▸ WHAT THE TASK REQUIRES: Which lines below fall between the one containing "set (x := fun _ : nat => / s)." and the one containing "assert (Hy : rsum n y = entry_sum A / s)."? Repeat them exactly, counting both of those lines, and add nothing else.

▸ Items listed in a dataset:

▬▬▬

Lemma exp_trunc_add s t Q i j :
  exp_trunc n A (s + t) Q i j =
  rsum Q (fun d => rsum (S d) (fun a =>
    s ^ a / INR (fact a) * (t ^ (d - a) / INR (fact (d - a))) * mat_pow n A (a + (d - a)) i j)).
Proof.
  apply rsum_ext. intros d _.
  rewrite binomial, sum_f_R0_rsum. unfold Rdiv at 1. rewrite <- !rsum_mult_r.
  apply rsum_ext. intros a Ha.
  replace (a + (d - a))%nat with d by lia. unfold C.
  pose proof (INR_fact_neq_0 a). pose proof (INR_fact_neq_0 (d - a)). pose proof (INR_fact_neq_0 d).
  field. auto.
Qed.

Hypothesis hA : nonneg_mat n A.

Lemma exp_trunc_nonneg t M : 0 <= t -> nonneg_mat n (exp_trunc n A t M).
Proof.
  intros Ht i j Hi Hj. apply rsum_nonneg. intros k _.
  apply Rmult_le_pos; [apply exp_coef_nonneg, Ht|apply nonneg_mat_pow; assumption].
Qed.

(* The Cauchy product of two truncations only misses terms of the binomial expansion. *)
Lemma exp_trunc_mul_le s t M P i j : 0 <= s -> 0 <= t -> (i < n)%nat -> (j < n)%nat ->
  mat_mul n (exp_trunc n A s M) (exp_trunc n A t P) i j <= exp_trunc n A (s + t) (M + P) i j.
Proof.
  intros Hs Ht Hi Hj.
  set (g a b := s ^ a / INR (fact a) * (t ^ b / INR (fact b)) * mat_pow n A (a + b) i j).
  assert (Hg : forall a b, 0 <= g a b).
  { intros a b. apply Rmult_le_pos; [apply Rmult_le_pos|apply nonneg_mat_pow];
      auto using exp_coef_nonneg. }
  rewrite exp_trunc_mul, exp_trunc_add by assumption.
  change (rsum M (fun a => rsum P (g a)) <=
          rsum (M + P) (fun d => rsum (S d) (fun a => g a (d - a)%nat))).
  rewrite rsum_antidiagonal.
  apply Rle_trans with (rsum M (fun a => rsum (M + P - a) (g a))).
  - apply rsum_le. intros a Ha. apply rsum_le_len; [lia|auto].
  - apply rsum_le_len; [lia|]. intros a _. apply rsum_nonneg. auto.
Qed.

Lemma exp_trunc_pow_le t M N i j : 0 <= t -> (i < n)%nat -> (j < n)%nat ->
  mat_pow n (exp_trunc n A t M) N i j <= exp_trunc n A (INR N * t) (N * M + 1) i j.
Proof.
  intros Ht. revert i j. induction N as [|N IH]; intros i j Hi Hj.
  - unfold exp_trunc. simpl. lra.
  - cbn [mat_pow]. eapply Rle_trans.
    + apply mat_mul_le_compat_l; [assumption|apply exp_trunc_nonneg, Ht|].
      intros k Hk. apply IH; assumption.
    + replace (INR (S N) * t) with (t + INR N * t) by (rewrite S_INR; ring).
      replace (S N * M + 1)%nat with (M + (N * M + 1))%nat by lia.
      apply exp_trunc_mul_le; auto.
      apply Rmult_le_pos; [apply pos_INR|assumption].
Qed.

Lemma mat_exp_series i j : (i < n)%nat -> (j < n)%nat ->
  infinite_sum (fun k => mat_pow n A k i j / INR (fact k)) (mat_exp n A i j).
Proof.
  intros Hi Hj. unfold mat_exp. apply epsilon_spec.
  set (a := rsum n (fun i => rsum n (fun j => A i j))).
  assert (Ha : forall i j, (i < n)%nat -> (j < n)%nat -> A i j <= a).
  { intros i' j' Hi' Hj'. apply Rle_trans with (rsum n (fun j => A i' j)).
    - apply (rsum_term_le n (fun j => A i' j)); auto.
    - apply (rsum_term_le n (fun i => rsum n (fun j => A i j))); auto.
      intros; apply rsum_nonneg; auto. }
  (* dominated by the exponential series of [n a] *)
  destruct (Rseries_CV_comp (fun k => mat_pow n A k i j / INR (fact k))
              (fun k => / INR (fact k) * (INR n * a) ^ k)) as [s Hs].
  - intros k. pose proof (mat_pow_le_pow n A a k i j hA Ha Hi Hj).
    pose proof (nonneg_mat_pow n A k hA i j Hi Hj).
    assert (0 < / INR (fact k)) by apply Rinv_0_lt_compat, INR_fact_lt_0.
    unfold Rdiv. split; [apply Rmult_le_pos; lra|].
    rewrite Rmult_comm. apply Rmult_le_compat_l; lra.
  - apply exist_exp.
  - exists s. exact Hs.
Qed.

Lemma exp_trunc_sum_f_R0 M i j :
  exp_trunc n A 1 (S M) i j = sum_f_R0 (fun k => mat_pow n A k i j / INR (fact k)) M.
Proof.
  rewrite sum_f_R0_rsum. apply rsum_ext. intros k _. rewrite pow1. unfold Rdiv. ring.
Qed.

Lemma exp_trunc_cv : mat_Un_cv n (fun M => exp_trunc n A 1 (S M)) (mat_exp n A).
Proof.
  intros i j Hi Hj. unfold Un_cv. setoid_rewrite exp_trunc_sum_f_R0.
  apply mat_exp_series; assumption.
Qed.

Lemma exp_trunc_le_mat_exp M i j : (i < n)%nat -> (j < n)%nat ->
  exp_trunc n A 1 (S M) i j <= mat_exp n A i j.
Proof.
  intros Hi Hj. rewrite exp_trunc_sum_f_R0.
  apply sum_incr; [apply mat_exp_series; assumption|].
  intros k. apply Rmult_le_pos.
  - apply nonneg_mat_pow; assumption.
  - left. apply Rinv_0_lt_compat, INR_fact_lt_0.
Qed.

Lemma mat_exp_nonneg : nonneg_mat n (mat_exp n A).
Proof.
  intros i j Hi Hj. eapply Rle_trans; [|apply (exp_trunc_le_mat_exp 0); assumption].
  apply exp_trunc_nonneg; [lra|assumption..].
Qed.

End ExpTrunc.

Lemma mat_pow_mat_exp_le n A N i j : nonneg_mat n A -> (i < n)%nat -> (j < n)%nat ->
  mat_pow n (mat_exp n A) N i j <= mat_exp n (mat_scale (INR N) A) i j.
Proof.
  intros HA Hi Hj.
  apply Rle_cv_lim with (fun M => mat_pow n (exp_trunc n A 1 (S M)) N i j)
                        (fun _ => mat_exp n (mat_scale (INR N) A) i j).
  - intros M. eapply Rle_trans; [apply exp_trunc_pow_le; auto; lra|].
    rewrite <- exp_trunc_scale. replace (N * S M + 1)%nat with (S (N * S M)) by lia.
    apply exp_trunc_le_mat_exp; auto.
    apply nonneg_mat_scale; [apply pos_INR|assumption].
  - apply mat_pow_cv; [apply exp_trunc_cv, HA|assumption..].
  - apply Un_cv_const.
Qed.

Section Norms.

Variable n : nat.

Definition entry_sum (A : mat) : R := rsum n (fun i => rsum n (fun j => A i j)).

Lemma Rabs_le_vnorm x j : (j < n)%nat -> Rabs (x j) <= vnorm n x.
Proof.
  intros Hj. rewrite <- sqrt_Rsqr_abs. apply sqrt_le_1_alt. unfold Rsqr.
  replace (x j * x j) with (x j ^ 2) by ring.
  apply (rsum_term_le n (fun i => x i ^ 2)); auto using pow2_ge_0.
Qed.

Lemma vnorm_le_rsum_abs x : vnorm n x <= rsum n (fun i => Rabs (x i)).
Proof.
  unfold vnorm. rewrite <- (sqrt_pow2 (rsum n (fun i => Rabs (x i)))).
  - apply sqrt_le_1_alt, rsum_sq_le_sq_rsum_abs.
  - apply rsum_nonneg. intros; apply Rabs_pos.
Qed.

Lemma rsum_le_sqrt_vnorm y : rsum n y <= sqrt (INR n) * vnorm n y.
Proof.
  apply Rle_trans with (Rabs (rsum n y)); [apply Rle_abs|].
  rewrite <- sqrt_Rsqr_abs. unfold vnorm. rewrite <- sqrt_mult_alt by apply pos_INR.
  apply sqrt_le_1_alt. unfold Rsqr.
  replace (rsum n y * rsum n y) with (rsum n y ^ 2) by ring.
  apply rsum_sq_le.
Qed.

Lemma vnorm_mat_vec_le A x : vnorm n x <= 1 ->
  vnorm n (mat_vec n A x) <= rsum n (fun i => rsum n (fun j => Rabs (A i j))).
Proof.
  intros Hx. eapply Rle_trans; [apply vnorm_le_rsum_abs|].
  apply rsum_le. intros i Hi. eapply Rle_trans; [apply Rabs_rsum_le|].
  apply rsum_le. intros j Hj. rewrite Rabs_mult.
  pose proof (Rabs_le_vnorm x j Hj). pose proof (Rabs_pos (A i j)). pose proof (Rabs_pos (x j)).
  nra.
Qed.

Lemma opnorm_is_lub A :
  is_lub (fun r => exists x : vec, vnorm n x <= 1 /\ r = vnorm n (mat_vec n A x)) (opnorm n A).
Proof.
  unfold opnorm. apply epsilon_spec.
  destruct (completeness (fun r => exists x : vec, vnorm n x <= 1 /\ r = vnorm n (mat_vec n A x)))
    as [m Hm]; [| |exists m; exact Hm].
  - exists (rsum n (fun i => rsum n (fun j => Rabs (A i j)))).
    intros r [x [Hx ->]]. apply vnorm_mat_vec_le, Hx.
  - exists (vnorm n (mat_vec n A (fun _ => 0))), (fun _ => 0). split; [|reflexivity].
    unfold vnorm. rewrite (rsum_ext _ _ (fun _ => 0)) by (intros; simpl; ring).
    rewrite rsum_const, Rmult_0_r, sqrt_0. lra.
Qed.

Lemma opnorm_le_entry_sum A : nonneg_mat n A -> opnorm n A <= entry_sum A.
Proof.
  intros HA. apply (proj2 (opnorm_is_lub A)). intros r [x [Hx ->]].
  eapply Rle_trans; [apply vnorm_mat_vec_le, Hx|].
  apply rsum_le. intros i Hi. apply rsum_le. intros j Hj.
  rewrite Rabs_right; [lra|]. apply Rle_ge, HA; assumption.
Qed.

(* Test the operator norm against the unit vector [(1, ..., 1) / sqrt n]. *)
Lemma entry_sum_le_opnorm A : entry_sum A <= INR n * opnorm n A.
Proof.
  destruct (Nat.eq_dec n 0) as [Hn0|Hn0].
  { unfold entry_sum. rewrite Hn0. simpl. lra. }
  assert (Hn : 0 < INR n) by (apply lt_0_INR; lia).
  set (s := sqrt (INR n)).
  assert (Hs : 0 < s) by (apply sqrt_lt_R0, Hn).
  assert (Hss : s * s = INR n) by (apply sqrt_sqrt; lra).
  set (x := fun _ : nat => / s).
  assert (Hx : vnorm n x = 1).
  { unfold vnorm, x. rewrite rsum_const.
    replace (INR n * (/ s) ^ 2) with 1 by (rewrite <- Hss; field; lra). apply sqrt_1. }
  set (y := mat_vec n A x).
  assert (Hy : rsum n y = entry_sum A / s).
  { unfold y, entry_sum, mat_vec, x, Rdiv. rewrite <- rsum_mult_r.
    apply rsum_ext. intros i _. rewrite <- rsum_mult_r. reflexivity. }
  assert (Hyop : vnorm n y <= opnorm n A).
  { apply (proj1 (opnorm_is_lub A)). exists x. split; [lra|reflexivity]. }
  pose proof (rsum_le_sqrt_vnorm y) as Hcs. fold s in Hcs. rewrite Hy in Hcs.
  assert (entry_sum A <= s * s * vnorm n y).
  { apply Rmult_le_compat_r with (r := s) in Hcs; [|lra]. unfold Rdiv in Hcs.
    rewrite Rmult_assoc, Rinv_l, Rmult_1_r in Hcs by lra. nra. }
  rewrite <- Hss. nra.
Qed.

End Norms.

Section Words.

Variable l : nat.

Lemma sum_words_le N g h :
  (forall ks, Forall (fun k => (k < l)%nat) ks -> g ks <= h ks) ->
  sum_words l N g <= sum_words l N h.
Proof.
  revert g h. induction N as [|N IH]; intros g h H; simpl; [apply H; constructor|].
  apply rsum_le. intros k Hk. apply IH. intros ks Hks. apply H. constructor; assumption.
Qed.

Lemma sum_words_rsum N m (f : nat -> list nat -> R) :
  sum_words l N (fun ks => rsum m (fun p => f p ks)) = rsum m (fun p => sum_words l N (f p)).
Proof.
  revert f. induction N as [|N IH]; intros f; simpl; [reflexivity|].
  rewrite (rsum_ext l _ (fun k => rsum m (fun p => sum_words l N (fun ks => f p (k :: ks))))).
  - apply rsum_swap.
  - intros k _. apply (IH (fun p ks => f p (k :: ks))).
Qed.

Lemma sum_words_mult_l N c g : sum_words l N (fun ks => c * g ks) = c * sum_words l N g.
Proof.
  revert g. induction N as [|N IH]; intros g; simpl; [reflexivity|].
  rewrite <- rsum_mult_l. apply rsum_ext. intros k _. apply (IH (fun ks => g (k :: ks))).
Qed.

Variables (n : nat) (F : nat -> mat) (E : mat).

▬▬▬

▸ RESPONSE TO THE EXERCISE:
  set (x := fun _ : nat => / s).
  assert (Hx : vnorm n x = 1).
  { unfold vnorm, x. rewrite rsum_const.
    replace (INR n * (/ s) ^ 2) with 1 by (rewrite <- Hss; field; lra). apply sqrt_1. }
  set (y := mat_vec n A x).
  assert (Hy : rsum n y = entry_sum A / s).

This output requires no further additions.